### DATASET
· · · ·

(* Let $(M_N)_{N\ge1}$ be probability measures, $M_N$ on $\mathbb{Y}(N)$, whose Jack generating functions $F_N(\mathbf p;\theta)=\sum_{\lambda\in\mathbb Y}a_{M_N}(\lambda)p_\lambda$ satisfy Assumption A with constant $\varepsilon>0$. Then for every fixed $r\ge1$ and every $N$, the series $$\sum_{i_1,\dots,i_r\ge1}\left|\frac{\partial^r\ln F_N(\mathbf p;\theta)}{\partial p_{i_1}\cdots\partial p_{i_r}}\Big|_{\mathbf p=1^N}\right|\,|x|^{i_1+\dots+i_r}$$ converges absolutely for all complex $x$ with $|x|<1+\varepsilon$.
   Context: Fix $\theta>0$. A Young diagram is a nonincreasing sequence $\lambda=(\lambda_1\ge\lambda_2\ge\dots\ge0)$ of integers with finitely many nonzero parts; $\ell(\lambda)$ is the number of nonzero parts, $|\lambda|=\sum_i\lambda_i$, $\mathbb Y(N)$ is the set of Young diagrams with $\ell(\lambda)\le N$, $\mathbb Y=\bigcup_N\mathbb Y(N)$. Symmetric functions in infinitely many variables $x_1,x_2,\dots$ are identified with $\mathbb R[p_1,p_2,\dots]$, $p_n=\sum_i x_i^n$, $p_\lambda=\prod_i p_{\lambda_i}$. $J_\lambda(\mathbf p;\theta)$ is the Jack symmetric function: the family is orthogonal for $\langle p_\lambda,p_\mu\rangle=\delta_{\lambda\mu}z_\lambda\theta^{-\ell(\lambda)}$ ($z_\lambda=\prod_i i^{m_i}m_i!$, $m_i$ = number of parts equal to $i$), $J_\lambda$ is a combination of monomial symmetric functions $m_\mu$ with $\mu$ below $\lambda$ in dominance order, and its leading term is $x_1^{\lambda_1}\cdots x_{\ell(\lambda)}^{\lambda_{\ell(\lambda)}}$. ''$\mathbf p=1^N$'' means $x_1=\dots=x_N=1$, $x_{N+1}=x_{N+2}=\dots=0$, i.e. $p_n=N$ for all $n$; $J_\lambda(1^N;\theta)>0$ for $\lambda\in\mathbb Y(N)$. The Jack generating function of a probability measure $M_N$ on $\mathbb Y(N)$ is $F_N(\mathbf p;\theta)=\sum_{\lambda\in\mathbb Y(N)}M_N(\lambda)J_\lambda(\mathbf p;\theta)/J_\lambda(1^N;\theta)$, expanded as a formal series $\sum_{\lambda\in\mathbb Y}a_{M_N}(\lambda)p_\lambda$; $F_N|_{\mathbf p=1^N}=1$ and $\ln F_N$ is understood as a series around $\mathbf p=1^N$. Assumption A: there is $\varepsilon>0$ such that for every $N$ the series $\sum_{\lambda\in\mathbb Y}|a_{M_N}(\lambda)|N^{\ell(\lambda)}|x|^{|\lambda|}$ converges for all complex $|x|<1+\varepsilon$. *)

From Stdlib Require Import Reals Lra Lia List Arith.
Import ListNotations.
Open Scope R_scope.

Fixpoint noninc (l : list nat) : Prop :=
  match l with
  | x :: ((y :: _) as t) => (y <= x)%nat /\ noninc t
  | _ => True
  end.

Definition isYD (l : list nat) : Prop := noninc l /\ Forall (fun k => (1 <= k)%nat) l.

Definition ysize (l : list nat) : nat := fold_right Nat.add 0%nat l.
Definition ylen (l : list nat) : nat := length l.

Definition inY (N : nat) (l : list nat) : Prop := isYD l /\ (ylen l <= N)%nat.

Fixpoint parts_aux (fuel n m : nat) : list (list nat) :=
  match n with
  | O => [[]]
  | S _ =>
    match fuel with
    | O => []
    | S f => flat_map (fun k => map (cons k) (parts_aux f (n - k) k))
                      (seq 1 (Nat.min n m))
    end
  end.

Definition parts (n : nat) : list (list nat) := parts_aux n n n.

Definition lsum {A} (f : A -> R) (s : list A) : R :=
  fold_right (fun x acc => f x + acc) 0 s.
Definition lprod {A} (f : A -> R) (s : list A) : R :=
  fold_right (fun x acc => f x * acc) 1 s.

Definition HasSum {A} (P : A -> Prop) (f : A -> R) (v : R) : Prop :=
  forall eps, 0 < eps -> exists S0 : list A, Forall P S0 /\
    forall S : list A, NoDup S -> Forall P S -> incl S0 S ->
      Rabs (lsum f S - v) < eps.

Definition AbsSummable {A} (P : A -> Prop) (f : A -> R) : Prop :=
  exists B, forall S : list A, NoDup S -> Forall P S -> lsum (fun x => Rabs (f x)) S <= B.

(** number of ways to distribute the parts of nu into the slots of mu so that
    slot i receives total mu_i: this is the coefficient of the monomial
    x_1^{mu_1} ... x_k^{mu_k} in p_nu. *)
Fixpoint xcoef (nu mu : list nat) : nat :=
  match nu with
  | [] => if forallb (fun k => Nat.eqb k 0) mu then 1%nat else 0%nat
  | v :: vs =>
      fold_right Nat.add 0%nat
        (map (fun i => if Nat.leb v (nth i mu 0%nat)
                       then xcoef vs (firstn i mu ++ (nth i mu 0%nat - v)%nat :: skipn (S i) mu)
                       else 0%nat)
             (seq 0 (length mu)))
  end.

Definition dominated (mu lam : list nat) : Prop :=
  ysize mu = ysize lam /\
  forall k, (ysize (firstn k mu) <= ysize (firstn k lam))%nat.

Definition mult (i : nat) (l : list nat) : nat := count_occ Nat.eq_dec l i.

Definition zee (l : list nat) : R :=
  lprod INR l * lprod (fun i => INR (fact (mult i l))) (seq 1 (ysize l)).

(** [c lam nu] is the coefficient of p_nu in J_lambda(p; theta).
    IsJack theta c : c is the Jack family, characterized as in the paper:
    J_lambda is a combination of p_nu with |nu| = |lambda| (i.e. homogeneous),
    its expansion in monomials m_mu only involves mu dominated by lambda,
    with coefficient 1 for m_lambda (leading term x^lambda), and the family is
    orthogonal for <p_lambda,p_mu> = delta z_lambda theta^{-ell(lambda)}. *)
Definition IsJack (theta : R) (c : list nat -> list nat -> R) : Prop :=
  forall lam, isYD lam ->
    (forall nu, isYD nu -> ysize nu <> ysize lam -> c lam nu = 0) /\
    (forall mu, isYD mu -> ~ dominated mu lam ->
       lsum (fun nu => c lam nu * INR (xcoef nu mu)) (parts (ysize lam)) = 0) /\
    lsum (fun nu => c lam nu * INR (xcoef nu lam)) (parts (ysize lam)) = 1 /\
    (forall lam', isYD lam' -> lam' <> lam ->
       lsum (fun nu => c lam nu * c lam' nu * zee nu / theta ^ ylen nu)
            (parts (ysize lam)) = 0).

(** J_lambda(1^N) : p_n = N for all n *)
Definition Jat1 (c : list nat -> list nat -> R) (N : nat) (lam : list nat) : R :=
  lsum (fun nu => c lam nu * INR N ^ ylen nu) (parts (ysize lam)).

(** a_{M_N}(nu): coefficient of p_nu in
    F_N = sum_{lambda in Y(N)} M_N(lambda) J_lambda / J_lambda(1^N).
    Only lambda with |lambda| = |nu| contribute (J_lambda homogeneous). *)
Definition acoef (c : list nat -> list nat -> R) (M : nat -> list nat -> R)
    (N : nat) (nu : list nat) : R :=
  lsum (fun lam => if Nat.leb (ylen lam) N
                   then M N lam * c lam nu / Jat1 c N lam else 0)
       (parts (ysize nu)).

Definition IsProbY (N : nat) (m : list nat -> R) : Prop :=
  (forall lam, inY N lam -> 0 <= m lam) /\ HasSum (inY N) m 1.

Fixpoint fall (m k : nat) : nat :=
  match k with O => 1%nat | S k' => (m * fall (m - 1) k')%nat end.

(** partial derivative d^{|B|} p_lambda / d p_{B_1} ... d p_{B_s}, evaluated at
    p = 1^N (the multiset B of positive indices). *)
Definition dpow (N : nat) (B lam : list nat) : R :=
  lprod (fun i => INR (fall (mult i lam) (mult i B))) (nodup Nat.eq_dec B)
  * INR N ^ (ylen lam - length B).

(** set partitions of a list (positions), blocks given by their entries *)
Fixpoint ins_each (x : nat) (P : list (list nat)) : list (list (list nat)) :=
  match P with
  | [] => []
  | b :: bs => ((x :: b) :: bs) :: map (cons b) (ins_each x bs)
  end.

Fixpoint setparts (l : list nat) : list (list (list nat)) :=
  match l with
  | [] => [[]]
  | x :: xs => flat_map (fun P => ([x] :: P) :: ins_each x P) (setparts xs)
  end.

(** Given the values D B of the partial derivatives d^B F at the point
    (D [] = value of F), the partial derivative d^{is} ln F at that point
    (Faa di Bruno formula for the logarithm). *)
Definition logDeriv (D : list nat -> R) (is : list nat) : R :=
  lsum (fun P => (-1) ^ (length P - 1) * INR (fact (length P - 1))
                 * lprod (fun b => D b / D []) P)
       (setparts is).

Definition posIdx (l : list nat) : Prop := Forall (fun i => (1 <= i)%nat) l.

(* Assumption A at a radius T with max(t, 1) < T < 1 + eps controls every
   derivative of F_N at 1^N.  Differentiating p_lam along a multiset B of indices
   produces a factor polynomial in ell(lam) <= |lam| and vanishes unless
   |B| <= |lam|; trading the polynomial for exponential growth at a rate
   rho in (1/T, min(1, 1/t)) gives |d^B F_N(1^N)| <= C rho^|B| for |B| <= r.
   The Faa di Bruno formula writes d^{i_1..i_r} ln F_N as a sum over at most
   r! set partitions of products of such derivatives divided by F_N(1^N), so
   it is O(rho^(i_1+..+i_r)), and summing (rho t)^(i_1+..+i_r) over r-tuples is
   a product of r geometric series. *)

From Stdlib Require Import Reals List Permutation Arith Classical ClassicalEpsilon Lia Lra.
Import ListNotations.
Open Scope R_scope.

· · · ·

### EXERCISE
From the line holding "forall k, (ysize" to the line holding "IsJack theta c", inclusive, restate each line above exactly as written.

### YOUR SOLUTION
  forall k, (ysize (firstn k mu) <= ysize (firstn k lam))%nat.

Definition mult (i : nat) (l : list nat) : nat := count_occ Nat.eq_dec l i.

Definition zee (l : list nat) : R :=
  lprod INR l * lprod (fun i => INR (fact (mult i l))) (seq 1 (ysize l)).

(** [c lam nu] is the coefficient of p_nu in J_lambda(p; theta).
    IsJack theta c : c is the Jack family, characterized as in the paper:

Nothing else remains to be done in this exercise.